→ **WHAT YOU ARE ASKED TO DO**: Working from the entries below, tally each line that holds "Local". Give the tally and nothing else.

########################################

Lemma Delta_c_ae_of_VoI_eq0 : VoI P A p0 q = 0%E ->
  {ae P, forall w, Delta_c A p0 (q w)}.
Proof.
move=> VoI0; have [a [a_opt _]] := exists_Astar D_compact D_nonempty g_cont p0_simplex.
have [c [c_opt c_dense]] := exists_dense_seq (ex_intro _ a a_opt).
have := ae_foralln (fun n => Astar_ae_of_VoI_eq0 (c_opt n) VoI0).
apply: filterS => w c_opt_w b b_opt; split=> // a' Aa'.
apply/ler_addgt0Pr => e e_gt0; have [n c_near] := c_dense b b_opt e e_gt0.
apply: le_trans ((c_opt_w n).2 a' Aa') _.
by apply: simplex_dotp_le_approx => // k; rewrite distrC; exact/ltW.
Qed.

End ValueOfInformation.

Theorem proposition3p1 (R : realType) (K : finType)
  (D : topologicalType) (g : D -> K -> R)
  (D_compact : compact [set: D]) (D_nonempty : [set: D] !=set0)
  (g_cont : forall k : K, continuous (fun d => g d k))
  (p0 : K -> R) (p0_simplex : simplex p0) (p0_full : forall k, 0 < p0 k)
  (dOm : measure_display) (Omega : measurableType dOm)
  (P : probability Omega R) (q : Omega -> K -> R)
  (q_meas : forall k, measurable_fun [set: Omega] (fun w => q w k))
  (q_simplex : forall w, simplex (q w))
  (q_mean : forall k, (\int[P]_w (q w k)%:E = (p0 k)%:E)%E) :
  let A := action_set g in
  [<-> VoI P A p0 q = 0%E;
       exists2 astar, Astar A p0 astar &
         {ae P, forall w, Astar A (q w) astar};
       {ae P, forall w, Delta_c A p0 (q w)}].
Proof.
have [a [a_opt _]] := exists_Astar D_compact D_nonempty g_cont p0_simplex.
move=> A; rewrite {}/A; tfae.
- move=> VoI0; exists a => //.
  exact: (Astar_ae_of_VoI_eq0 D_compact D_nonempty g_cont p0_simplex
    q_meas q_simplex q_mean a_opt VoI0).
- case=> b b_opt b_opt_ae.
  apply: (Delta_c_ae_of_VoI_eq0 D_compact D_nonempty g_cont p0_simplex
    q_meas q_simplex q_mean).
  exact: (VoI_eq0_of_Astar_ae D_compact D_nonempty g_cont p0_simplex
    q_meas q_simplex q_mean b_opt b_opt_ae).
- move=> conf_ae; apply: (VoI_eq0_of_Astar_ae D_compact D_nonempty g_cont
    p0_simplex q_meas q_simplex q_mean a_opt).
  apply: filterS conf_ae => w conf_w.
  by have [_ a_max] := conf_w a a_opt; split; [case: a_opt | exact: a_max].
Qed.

########################################

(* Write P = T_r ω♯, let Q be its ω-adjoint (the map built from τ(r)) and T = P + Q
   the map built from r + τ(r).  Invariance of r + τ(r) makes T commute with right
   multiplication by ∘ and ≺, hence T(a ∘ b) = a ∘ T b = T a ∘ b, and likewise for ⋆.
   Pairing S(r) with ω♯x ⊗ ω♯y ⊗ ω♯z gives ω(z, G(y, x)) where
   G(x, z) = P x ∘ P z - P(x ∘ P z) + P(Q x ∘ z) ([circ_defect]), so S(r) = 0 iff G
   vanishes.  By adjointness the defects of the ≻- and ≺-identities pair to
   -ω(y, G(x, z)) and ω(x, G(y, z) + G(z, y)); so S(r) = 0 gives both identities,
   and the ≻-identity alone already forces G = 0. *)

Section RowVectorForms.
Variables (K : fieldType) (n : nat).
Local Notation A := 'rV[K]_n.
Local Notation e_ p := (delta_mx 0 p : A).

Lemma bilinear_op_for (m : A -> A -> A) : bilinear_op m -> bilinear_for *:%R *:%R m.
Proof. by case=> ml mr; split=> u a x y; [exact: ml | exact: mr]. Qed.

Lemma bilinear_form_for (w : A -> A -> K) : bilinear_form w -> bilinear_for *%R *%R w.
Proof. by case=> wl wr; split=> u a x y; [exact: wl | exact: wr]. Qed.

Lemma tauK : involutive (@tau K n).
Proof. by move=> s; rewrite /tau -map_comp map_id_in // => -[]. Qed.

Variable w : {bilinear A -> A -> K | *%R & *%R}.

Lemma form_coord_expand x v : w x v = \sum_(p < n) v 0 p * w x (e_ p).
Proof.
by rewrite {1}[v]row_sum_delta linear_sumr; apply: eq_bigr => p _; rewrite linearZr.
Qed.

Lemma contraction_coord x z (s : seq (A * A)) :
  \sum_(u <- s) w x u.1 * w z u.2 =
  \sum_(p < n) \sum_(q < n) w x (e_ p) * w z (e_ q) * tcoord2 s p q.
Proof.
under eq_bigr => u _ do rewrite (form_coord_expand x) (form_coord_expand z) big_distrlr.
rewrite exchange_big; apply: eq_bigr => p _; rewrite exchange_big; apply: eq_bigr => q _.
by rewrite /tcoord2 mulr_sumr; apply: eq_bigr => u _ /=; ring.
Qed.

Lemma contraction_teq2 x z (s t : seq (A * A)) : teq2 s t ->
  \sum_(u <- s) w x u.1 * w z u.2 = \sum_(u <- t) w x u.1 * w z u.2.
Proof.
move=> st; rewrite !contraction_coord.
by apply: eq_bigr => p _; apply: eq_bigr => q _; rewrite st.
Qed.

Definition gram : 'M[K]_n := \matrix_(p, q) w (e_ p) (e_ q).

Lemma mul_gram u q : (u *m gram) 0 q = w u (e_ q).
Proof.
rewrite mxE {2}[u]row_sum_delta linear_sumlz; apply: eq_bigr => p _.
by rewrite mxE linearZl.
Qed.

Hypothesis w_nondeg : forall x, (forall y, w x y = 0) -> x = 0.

########################################

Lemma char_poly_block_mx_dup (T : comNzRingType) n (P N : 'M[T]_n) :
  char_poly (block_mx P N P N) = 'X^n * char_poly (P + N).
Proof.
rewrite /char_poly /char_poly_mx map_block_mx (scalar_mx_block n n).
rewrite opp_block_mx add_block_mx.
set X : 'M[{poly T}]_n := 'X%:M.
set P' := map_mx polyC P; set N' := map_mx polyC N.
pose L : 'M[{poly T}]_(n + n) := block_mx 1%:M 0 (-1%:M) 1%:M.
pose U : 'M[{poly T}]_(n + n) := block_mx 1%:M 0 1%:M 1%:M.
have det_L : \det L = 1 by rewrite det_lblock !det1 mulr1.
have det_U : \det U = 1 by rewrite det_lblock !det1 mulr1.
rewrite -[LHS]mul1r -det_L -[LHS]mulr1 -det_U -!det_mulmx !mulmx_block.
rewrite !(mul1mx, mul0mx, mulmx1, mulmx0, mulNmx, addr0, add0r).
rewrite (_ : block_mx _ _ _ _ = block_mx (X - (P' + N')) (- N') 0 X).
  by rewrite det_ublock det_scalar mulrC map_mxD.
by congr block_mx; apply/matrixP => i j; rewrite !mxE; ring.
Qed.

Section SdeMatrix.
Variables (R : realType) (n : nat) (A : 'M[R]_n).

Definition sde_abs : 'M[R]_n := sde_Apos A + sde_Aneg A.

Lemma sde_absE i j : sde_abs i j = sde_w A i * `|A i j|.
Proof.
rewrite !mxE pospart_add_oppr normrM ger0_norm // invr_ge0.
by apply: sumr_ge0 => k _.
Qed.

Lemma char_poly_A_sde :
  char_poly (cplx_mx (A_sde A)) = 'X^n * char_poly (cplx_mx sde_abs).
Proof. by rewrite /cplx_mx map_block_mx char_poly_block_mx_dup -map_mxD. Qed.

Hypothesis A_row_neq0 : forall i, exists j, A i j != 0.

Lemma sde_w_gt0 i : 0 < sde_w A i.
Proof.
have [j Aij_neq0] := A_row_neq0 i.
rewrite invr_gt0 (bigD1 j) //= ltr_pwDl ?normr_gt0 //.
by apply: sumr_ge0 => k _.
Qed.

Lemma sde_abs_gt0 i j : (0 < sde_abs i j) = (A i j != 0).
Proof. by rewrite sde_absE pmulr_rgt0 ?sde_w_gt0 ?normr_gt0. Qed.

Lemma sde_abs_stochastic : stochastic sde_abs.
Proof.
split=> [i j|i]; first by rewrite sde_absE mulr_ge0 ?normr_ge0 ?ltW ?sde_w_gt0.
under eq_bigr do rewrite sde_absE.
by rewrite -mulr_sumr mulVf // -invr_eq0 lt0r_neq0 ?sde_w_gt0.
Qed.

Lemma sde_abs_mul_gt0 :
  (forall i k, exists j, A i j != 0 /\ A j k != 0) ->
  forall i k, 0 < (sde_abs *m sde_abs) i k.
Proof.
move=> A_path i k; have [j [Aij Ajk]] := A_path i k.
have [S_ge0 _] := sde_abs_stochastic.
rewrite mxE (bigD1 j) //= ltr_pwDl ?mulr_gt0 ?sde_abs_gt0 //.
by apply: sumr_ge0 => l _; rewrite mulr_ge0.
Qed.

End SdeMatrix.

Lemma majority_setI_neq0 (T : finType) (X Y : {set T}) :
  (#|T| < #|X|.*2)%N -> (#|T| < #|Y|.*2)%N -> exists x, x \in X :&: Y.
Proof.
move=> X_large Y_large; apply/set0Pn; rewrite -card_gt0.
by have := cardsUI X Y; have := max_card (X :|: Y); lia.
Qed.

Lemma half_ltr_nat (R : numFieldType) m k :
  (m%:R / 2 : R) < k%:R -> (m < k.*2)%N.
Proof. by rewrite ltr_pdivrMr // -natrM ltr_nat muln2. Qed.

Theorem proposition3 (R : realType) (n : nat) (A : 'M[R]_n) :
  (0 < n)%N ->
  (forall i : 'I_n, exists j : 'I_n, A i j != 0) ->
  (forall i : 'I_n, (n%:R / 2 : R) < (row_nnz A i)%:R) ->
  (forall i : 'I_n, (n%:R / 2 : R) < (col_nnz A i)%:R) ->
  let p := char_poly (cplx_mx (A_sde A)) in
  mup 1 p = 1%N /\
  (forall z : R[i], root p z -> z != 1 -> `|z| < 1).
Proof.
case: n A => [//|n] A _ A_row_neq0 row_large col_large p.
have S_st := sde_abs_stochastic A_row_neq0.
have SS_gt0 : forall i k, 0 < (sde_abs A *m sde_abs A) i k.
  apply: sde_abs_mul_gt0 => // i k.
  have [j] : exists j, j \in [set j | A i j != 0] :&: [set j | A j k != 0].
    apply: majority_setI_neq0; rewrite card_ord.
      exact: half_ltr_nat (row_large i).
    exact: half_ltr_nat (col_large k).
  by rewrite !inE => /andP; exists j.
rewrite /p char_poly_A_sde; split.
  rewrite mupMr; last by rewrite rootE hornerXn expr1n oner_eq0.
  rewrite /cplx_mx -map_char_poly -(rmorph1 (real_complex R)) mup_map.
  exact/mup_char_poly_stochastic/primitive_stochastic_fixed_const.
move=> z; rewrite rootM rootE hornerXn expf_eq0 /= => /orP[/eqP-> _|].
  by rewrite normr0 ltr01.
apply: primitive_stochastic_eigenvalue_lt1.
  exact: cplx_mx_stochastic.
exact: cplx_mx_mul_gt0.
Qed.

########################################

→ **TASK RESULT**: 2